Taken from White Wings Vol 1.


The Jessie Readman, a sister ship to the Christian McCauseland, would have completed her 23rd voyage out and home, but for the disaster that befell her in 1893, when homeward bound from New Zealand.

She was an iron ship of 962 tons, built by Scott of Greenock for Patrick Henderson, and later sailed under the Shaw Savill flag. She was a speedy and comfortable ship and brought many thousands of immigrants to the Dominion.

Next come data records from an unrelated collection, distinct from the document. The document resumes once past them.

(* [t = exp w] turns [int_0^oo t^(beta-1) exp (- t lam) dt = lam^(-beta) Gamma(beta)]
   into a translate of [gamma_density] by [ln lam]. *)
Lemma mellin_repr_exp lam : 0 < lam ->
  mellin_repr beta (fun t => exp (- t * lam)) (Rpower lam (- beta)).
Proof.
  intros Hl. set (c := ln lam).
  assert (HK : forall w, mellin_integrand beta (fun t => exp (- t * lam)) w
                = scal (Rpower lam (- beta)) (scal 1 (gamma_density beta (1 * w + c)))).
  { intros w. unfold mellin_integrand, gamma_density, scal, Rpower; simpl; unfold mult; simpl.
    rewrite !Rmult_1_l, exp_plus. unfold c. rewrite (exp_ln lam Hl), <- !exp_plus.
    f_equal. ring. }
  assert (Hex : forall a b, ex_RInt (fun w => scal (Rpower lam (- beta))
                                       (scal 1 (gamma_density beta (1 * w + c)))) a b)
    by (intros; apply (ex_RInt_scal (V := R_NormedModule)),
          (ex_RInt_comp_lin (V := R_NormedModule)), ex_RInt_gamma_density).
  assert (HI : forall a b, RInt (mellin_integrand beta (fun t => exp (- t * lam))) a b
            = Rpower lam (- beta) * RInt (gamma_density beta) (a + c) (b + c)).
  { intros a b.
    rewrite (RInt_ext (V := R_CompleteNormedModule) _ _ a b (fun w _ => HK w)).
    rewrite (RInt_scal (V := R_CompleteNormedModule))
      by apply (ex_RInt_comp_lin (V := R_NormedModule)), ex_RInt_gamma_density.
    rewrite (RInt_comp_lin (V := R_CompleteNormedModule)) by apply ex_RInt_gamma_density.
    rewrite !Rmult_1_l. reflexivity. }
  split.
  - intros a b. apply (ex_RInt_ext (V := R_NormedModule)) with (2 := Hex a b). auto.
  - apply (is_lim_seq_ext (fun n => Rpower lam (- beta) *
        (RInt (gamma_density beta) (- INR n + c) (INR n + c)
         - RInt (gamma_density beta) (- INR n) (INR n)))).
    + intros n. rewrite HI. ring.
    + replace (Finite 0) with (Rbar_mult (Rpower lam (- beta)) 0) by (simpl; f_equal; ring).
      apply is_lim_seq_scal_l, is_lim_seq_RInt_gamma_density_shift.
Qed.

Lemma mellin_repr_fsum n (f : nat -> R -> R) (X : nat -> R) :
  (forall i, (i < n)%nat -> mellin_repr beta (f i) (X i)) ->
  mellin_repr beta (fun t => fsum n (fun i => f i t)) (fsum n X).
Proof.
  induction n as [|n IH]; intros H.
  - apply (mellin_repr_ext (fun _ => 0)); [intros; reflexivity |]. apply mellin_repr_zero.
  - rewrite fsum_S. replace (fsum n X + X n) with (1 * fsum n X + 1 * X n) by ring.
    apply (mellin_repr_ext (fun t => 1 * fsum n (fun i => f i t) + 1 * f n t));
      [intros; rewrite fsum_S; ring |].
    apply mellin_repr_lincomb; [apply IH; intros | apply H]; auto.
Qed.

Lemma gamma_lower_pos : 0 < gamma_lower beta.
Proof.
  unfold gamma_lower.
  apply Rlt_le_trans with (RInt (fun _ => exp (-1 - exp 1)) (-1) 1).
  - rewrite RInt_const. unfold scal; simpl; unfold mult; simpl.
    pose proof (exp_pos (-1 - exp 1)). lra.
  - apply RInt_le; [lra | apply ex_RInt_const | apply ex_RInt_gamma_density |].
    intros x Hx. unfold gamma_density. apply exp_le.
    assert (exp x <= exp 1) by (apply exp_le; lra). nra.
Qed.

Lemma gamma_lower_le_RInt n : (1 <= n)%nat ->
  gamma_lower beta <= RInt (gamma_density beta) (- INR n) (INR n).
Proof.
  intros Hn. unfold gamma_lower.
  assert (H1 : 1 <= INR n) by (apply (le_INR 1); lia).
  rewrite <- (RInt_Chasles (V := R_CompleteNormedModule) _ (- INR n) 1 (INR n))
    by apply ex_RInt_gamma_density.
  rewrite <- (RInt_Chasles (V := R_CompleteNormedModule) _ (- INR n) (-1) 1)
    by apply ex_RInt_gamma_density.
  unfold plus; simpl.
  assert (0 <= RInt (gamma_density beta) (- INR n) (-1)) by
    (apply RInt_ge_0; [lra | apply ex_RInt_gamma_density | intros; apply Rlt_le, exp_pos]).
  assert (0 <= RInt (gamma_density beta) 1 (INR n)) by
    (apply RInt_ge_0; [lra | apply ex_RInt_gamma_density | intros; apply Rlt_le, exp_pos]).
  lra.
Qed.

Lemma mellin_repr_le_of_RInt_le f X B : mellin_repr beta f X -> 0 <= B ->
  (forall n : nat, RInt (mellin_integrand beta f) (- INR n) (INR n) <= B) ->
  X * gamma_lower beta <= B.
Proof.
  intros [_ Hlim] HB Hn. pose proof gamma_lower_pos as HK.
  destruct (Rle_or_lt X 0) as [HX | HX]; [nra |].
  set (r := fun n : nat => RInt (mellin_integrand beta f) (- INR n) (INR n)
                          - RInt (gamma_density beta) (- INR n) (INR n) * X).
  assert (Hle : Rbar_le (X * gamma_lower beta) (B - 0)).
  { apply (is_lim_seq_le_loc (fun _ => X * gamma_lower beta) (fun n => B - r n)).
    - exists 1%nat. intros n Hn1. pose proof (gamma_lower_le_RInt n Hn1).
      specialize (Hn n). unfold r. nra.
    - apply is_lim_seq_const.
    - apply is_lim_seq_minus'; [apply is_lim_seq_const | exact Hlim]. }
  simpl in Hle. lra.
Qed.

Lemma mellin_repr_le f X A1 p1 A2 p2 :
  mellin_repr beta f X -> 0 <= A1 -> 0 <= A2 -> p2 + beta < 0 < p1 + beta ->
  (forall t, 0 < t -> f t <= A1 * Rpower t p1) ->
  (forall t, 0 < t -> f t <= A2 * Rpower t p2) ->
  X * gamma_lower beta <= A1 / (p1 + beta) + A2 / (- (p2 + beta)).
Proof.
  intros Hf HA1 HA2 Hp H1 H2.
  assert (Hbound : forall A p, (forall t, 0 < t -> f t <= A * Rpower t p) ->
            forall w, mellin_integrand beta f w <= A * exp ((p + beta) * w)).
  { intros A p H w. unfold mellin_integrand.
    eapply Rle_trans; [apply Rmult_le_compat_l; [apply Rlt_le, exp_pos | apply H, exp_pos] |].
    rewrite Rpower_exp_l. replace ((p + beta) * w) with (beta * w + p * w) by ring.
    rewrite exp_plus. lra. }
  apply (mellin_repr_le_of_RInt_le _ _ _ Hf).
  - apply Rplus_le_le_0_compat; apply Rmult_le_pos, Rlt_le, Rinv_0_lt_compat; lra.
  - intros n. destruct Hf as [Hex _].
    apply (RInt_sym_le_of_exp_bounds _ _ _ _ _ Hex); try lra.
    + exact (Hbound _ _ H1).
    + intros w. rewrite Ropp_involutive. exact (Hbound _ _ H2 w).
    + apply pos_INR.
Qed.

End Mellin.

(** * The spectral discretisation *)

Section Spectral.

Variables (lam : nat -> R) (c : R).
Hypothesis Hc : 0 < c.
Hypothesis Hlam : forall j, c <= lam j.

Lemma lam_pos j : 0 < lam j.
Proof. specialize (Hlam j). lra. Qed.

Lemma Rpower_weight_le th' th (x : sq) j : th' <= th ->
  Rpower (lam j) th' * x j ^ 2 <= Rpower c (th' - th) * (Rpower (lam j) th * x j ^ 2).
Proof.
  intros Hth.
  replace (Rpower (lam j) th') with (Rpower (lam j) (th' - th) * Rpower (lam j) th)
    by (rewrite <- Rpower_plus; f_equal; ring).
  assert (Hle : Rpower (lam j) (th' - th) <= Rpower c (th' - th)).
  { unfold Rpower. apply exp_le. pose proof (ln_le c (lam j) Hc (Hlam j)). nra. }
  rewrite Rmult_assoc. apply Rmult_le_compat_r; [| exact Hle].
  apply Rmult_le_pos; [apply Rlt_le, exp_pos | apply pow2_ge_0].
Qed.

Captain Barton, who wa in command when the vessel was wrecked at the Chathams on her homeward voyage, had a very anxious time on her passage out to Dunedin, which port he reached on 22 Sept 1892. The Jessie Readman, like many other vessels arriving from home during the latter part of 1892 had to contend with large quantities of ice, which was first seen at midnight on August 8, in latitude 37-30S., longitude 29W. She sailed between icebergs for 130 miles, which ranged from one quarter to one and a half miles in length and from 100 feet to 450 feet in height. 50 large bergs plus several small ones were counted, the last being on August 9. The ship also encountered a heavy gale from SSW on Aug 12, attended by a very high sea, during which she lost several sails and suffered other damage.

 

After discharging her cargo and loading wool aat Dunedin and Napier she sailed early n dec 1892 from the latter port for London, and all went well until the Chatham Islands were reached. She experienced mainly northerly winds after clearing the NZ coast, and, when approaching the Chathams met with foggy weather

Captain Burton believed he had given the Island a wide berth, but, during the night the ship struch the island on Tuuapeka Beach. The foggy weather and tide had hove her about 6 miles from her true course in passing the island.

She became a total wreck but the officers and crew were all saved. The Jessie Readman was the only ship wrecked on the Chatham Islands to rescue her entire cargo. The wool was landed on the beach practically undamaged, but, it suffered greatly afterwards. It was carted to a level piece of grass free from the tide as unfortunately no dunnage could be procured. The only dunnage available was the fence of a sheepfarmer which meant pulling up the fence to be used as posts. The owner asked an exhorbitant cost, which captain Burton declined, the result being that the ground tier absorbed the damp, and naturally the wool was badly damaged. Then the steamers chartered to convey the wool to NZ suffered bad weather and the cargo suffered enormously.

The residents of the Chathams made a big haul from the salvage. They charged 1 (One pound) per bale to shift the wool from where it was landed, up the beach one hundred yards. Nearly all the islands horses were taken to the wreck to help.